How does one determine what is wrong or right, good or bad? There is always a distinct right or wrong answer to most questions, except when it comes to ethics. Merriam-Webster Dictionary defines ethics as “the discipline dealing with what is good and bad and with moral duty and obligation” and as “a set of moral principles: a theory or system of moral values” (“ethic,” defs. 1 and 2a). One individual’s ethics may not be the same as another. Their morals, what they were taught, and life experiences all differ and determine what they believe is right or wrong.
As one gains experience from different situations in their life, the particulars of the ethics change, but the foundation stays the same. Dexter Simmons found himself in a compromising situation at Beantown Consulting. His first project with Barresi Manufacturing was to contact the firms that supplied and sourced parts for Barresi’s top ten competitors. Dexter’s engagement manager, Markus Hensler, told him to not reveal the whole truth of who he was and what he was doing or else they would not provide the information needed.
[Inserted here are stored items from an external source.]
(* Let $X$ be a Hilbert space, $C\subseteq X$ a nonempty subset, $N:C\to S_X$ a mapping, and $r>0$. For $y\in C$ let $B_y$ be the closed ball $B(y-rN(y),r)$, and let $V:=\overline{\operatorname{co}}\big(\bigcup_{y\in C}B_y\big)$ be the closed convex hull of these balls. Then for every $x\in\partial V$ there exists $z_x\in V$ such that the closed ball $B(z_x,r)$ is contained in $V$ and $x\in\partial B(z_x,r)$.
   Context: $S_X$ is the unit sphere of $X$; $B(z,r)$ denotes the closed ball of center $z$ and radius $r$; $\overline{\operatorname{co}}$ denotes the closed convex hull. *)

From Stdlib Require Import Reals.
Open Scope R_scope.
Set Implicit Arguments.

Record InnerProductSpace := {
  carrier :> Type;
  vzero : carrier;
  vadd : carrier -> carrier -> carrier;
  vopp : carrier -> carrier;
  vscal : R -> carrier -> carrier;
  inner : carrier -> carrier -> R;
  vadd_assoc : forall x y z, vadd x (vadd y z) = vadd (vadd x y) z;
  vadd_comm : forall x y, vadd x y = vadd y x;
  vadd_0l : forall x, vadd vzero x = x;
  vadd_oppr : forall x, vadd x (vopp x) = vzero;
  vscal_assoc : forall a b x, vscal a (vscal b x) = vscal (a * b) x;
  vscal_1 : forall x, vscal 1 x = x;
  vscal_addl : forall a b x, vscal (a + b) x = vadd (vscal a x) (vscal b x);
  vscal_addr : forall a x y, vscal a (vadd x y) = vadd (vscal a x) (vscal a y);
  inner_sym : forall x y, inner x y = inner y x;
  inner_addl : forall x y z, inner (vadd x y) z = inner x z + inner y z;
  inner_scall : forall a x y, inner (vscal a x) y = a * inner x y;
  inner_pos : forall x, 0 <= inner x x;
  inner_def : forall x, inner x x = 0 -> x = vzero
}.

Section Ops.
Variable X : InnerProductSpace.

Definition vsub (x y : X) : X := vadd X x (vopp X y).
Definition norm (x : X) : R := sqrt (inner X x x).

Definition cauchy (u : nat -> X) : Prop :=
  forall eps, 0 < eps -> exists N, forall m n, (N <= m)%nat -> (N <= n)%nat ->
    norm (vsub (u m) (u n)) < eps.
Definition converges_to (u : nat -> X) (l : X) : Prop :=
  forall eps, 0 < eps -> exists N, forall n, (N <= n)%nat -> norm (vsub (u n) l) < eps.
Definition complete : Prop :=
  forall u, cauchy u -> exists l, converges_to u l.

Definition closed_ball (z : X) (r : R) : X -> Prop := fun y => norm (vsub y z) <= r.
Definition open_ball (z : X) (r : R) : X -> Prop := fun y => norm (vsub y z) < r.
Definition unit_sphere : X -> Prop := fun v => norm v = 1.

Definition is_open (U : X -> Prop) : Prop :=
  forall x, U x -> exists eps, 0 < eps /\ forall y, open_ball x eps y -> U y.
Definition is_closed (F : X -> Prop) : Prop := is_open (fun x => ~ F x).
Definition boundary (S : X -> Prop) : X -> Prop := fun x =>
  forall eps, 0 < eps ->
    (exists y, open_ball x eps y /\ S y) /\ (exists y, open_ball x eps y /\ ~ S y).

Definition convex (K : X -> Prop) : Prop :=
  forall x y t, K x -> K y -> 0 <= t <= 1 ->
    K (vadd X (vscal X t x) (vscal X (1 - t) y)).
Definition closed_convex_hull (A : X -> Prop) : X -> Prop := fun x =>
  forall K, convex K -> is_closed K -> (forall a, A a -> K a) -> K x.

End Ops.

Record HilbertSpace := {
  hs_space :> InnerProductSpace;
  hs_complete : complete hs_space
}.

Arguments vsub {X} x y.
Arguments norm {X} x.
Arguments closed_ball {X} z r _.
Arguments open_ball {X} z r _.

From Stdlib Require Import Reals Lra Psatz Classical ClassicalEpsilon.
Open Scope R_scope.

(* Let V be the closed convex hull of the balls B_y = B(y - r N(y), r) and
   W := { z | B(z, r) ⊆ V } the set of admissible centres, which is closed and
   convex because V is, and contains every y - r N(y).  The set
   D := { p | dist(p, W) <= r } is closed and convex and contains every ball B_y,
   hence it contains V.  If x lies on the boundary of V, no ball around x lies in
   V, so every w in W satisfies |x - w| >= r; together with x ∈ V ⊆ D this gives
   dist(x, W) = r.  In a Hilbert space the distance to a nonempty closed convex
   set is attained (a minimizing sequence is Cauchy by the parallelogram law),
   so there is z ∈ W with |x - z| = r: then B(z, r) ⊆ V, z ∈ V, and x lies on the
   sphere ∂B(z, r). *)

Section InnerProductAlgebra.
Variable X : InnerProductSpace.
Implicit Types x y z u v w : X.

Lemma inner_zero_l y : inner X (vzero X) y = 0.
Proof.
  pose proof (inner_addl X (vzero X) (vzero X) y) as H.
  rewrite (vadd_0l X) in H. lra.
Qed.

Lemma inner_oppl x y : inner X (vopp X x) y = - inner X x y.
Proof.
  pose proof (inner_addl X x (vopp X x) y) as H.
  rewrite (vadd_oppr X), inner_zero_l in H. lra.
Qed.

Lemma inner_addr x y z : inner X x (vadd X y z) = inner X x y + inner X x z.
Proof. rewrite !(inner_sym X x), inner_addl. reflexivity. Qed.

Lemma inner_scalr a x y : inner X x (vscal X a y) = a * inner X x y.
Proof. rewrite !(inner_sym X x), inner_scall. reflexivity. Qed.

Lemma inner_oppr x y : inner X x (vopp X y) = - inner X x y.
Proof. rewrite !(inner_sym X x), inner_oppl. reflexivity. Qed.

Lemma vsub_eq0 u v : vsub u v = vzero X -> u = v.
Proof.
  unfold vsub; intro H.
  assert (E : vadd X v (vadd X u (vopp X v)) = v)
    by (rewrite H, (vadd_comm X), (vadd_0l X); reflexivity).
  rewrite (vadd_assoc X), (vadd_comm X v u), <- (vadd_assoc X), (vadd_oppr X),
    (vadd_comm X), (vadd_0l X) in E.
  exact E.
Qed.

(* Vectors are determined by their inner products: this turns every vector
   identity into an identity of real numbers, decided by [ring]. *)
Lemma vec_ext u v : (forall w, inner X u w = inner X v w) -> u = v.
Proof.
  intro H. apply vsub_eq0, (inner_def X).
  unfold vsub. rewrite inner_addl, inner_oppl, H. ring.
Qed.

End InnerProductAlgebra.

Ltac vector_eq :=
  apply vec_ext; let w := fresh "w" in intro w; unfold vsub;
  repeat rewrite ?inner_addl, ?inner_scall, ?inner_oppl, ?inner_zero_l;
  field.

Section Norm.
Variable X : InnerProductSpace.
Implicit Types x y z u v w : X.

Lemma norm_ge0 x : 0 <= norm x.
Proof. apply sqrt_pos. Qed.

Lemma norm_sq x : norm x * norm x = inner X x x.
Proof. apply sqrt_sqrt, inner_pos. Qed.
Dexter did not feel comfortable “having fun” or being creative with this project as it requires him to lie about what his true motives are. Hensler knew it made him uncomfortable and just told him it was standard operating procedure to get information they would not be able to get otherwise. To Dexter, the thought of having to lie for his job was very unsettling to him. From his reaction, one can reason that Dexter was raised never to lie no matter what anyone said. Dexter was also most likely never in a situation where he had to lie to get something he needed.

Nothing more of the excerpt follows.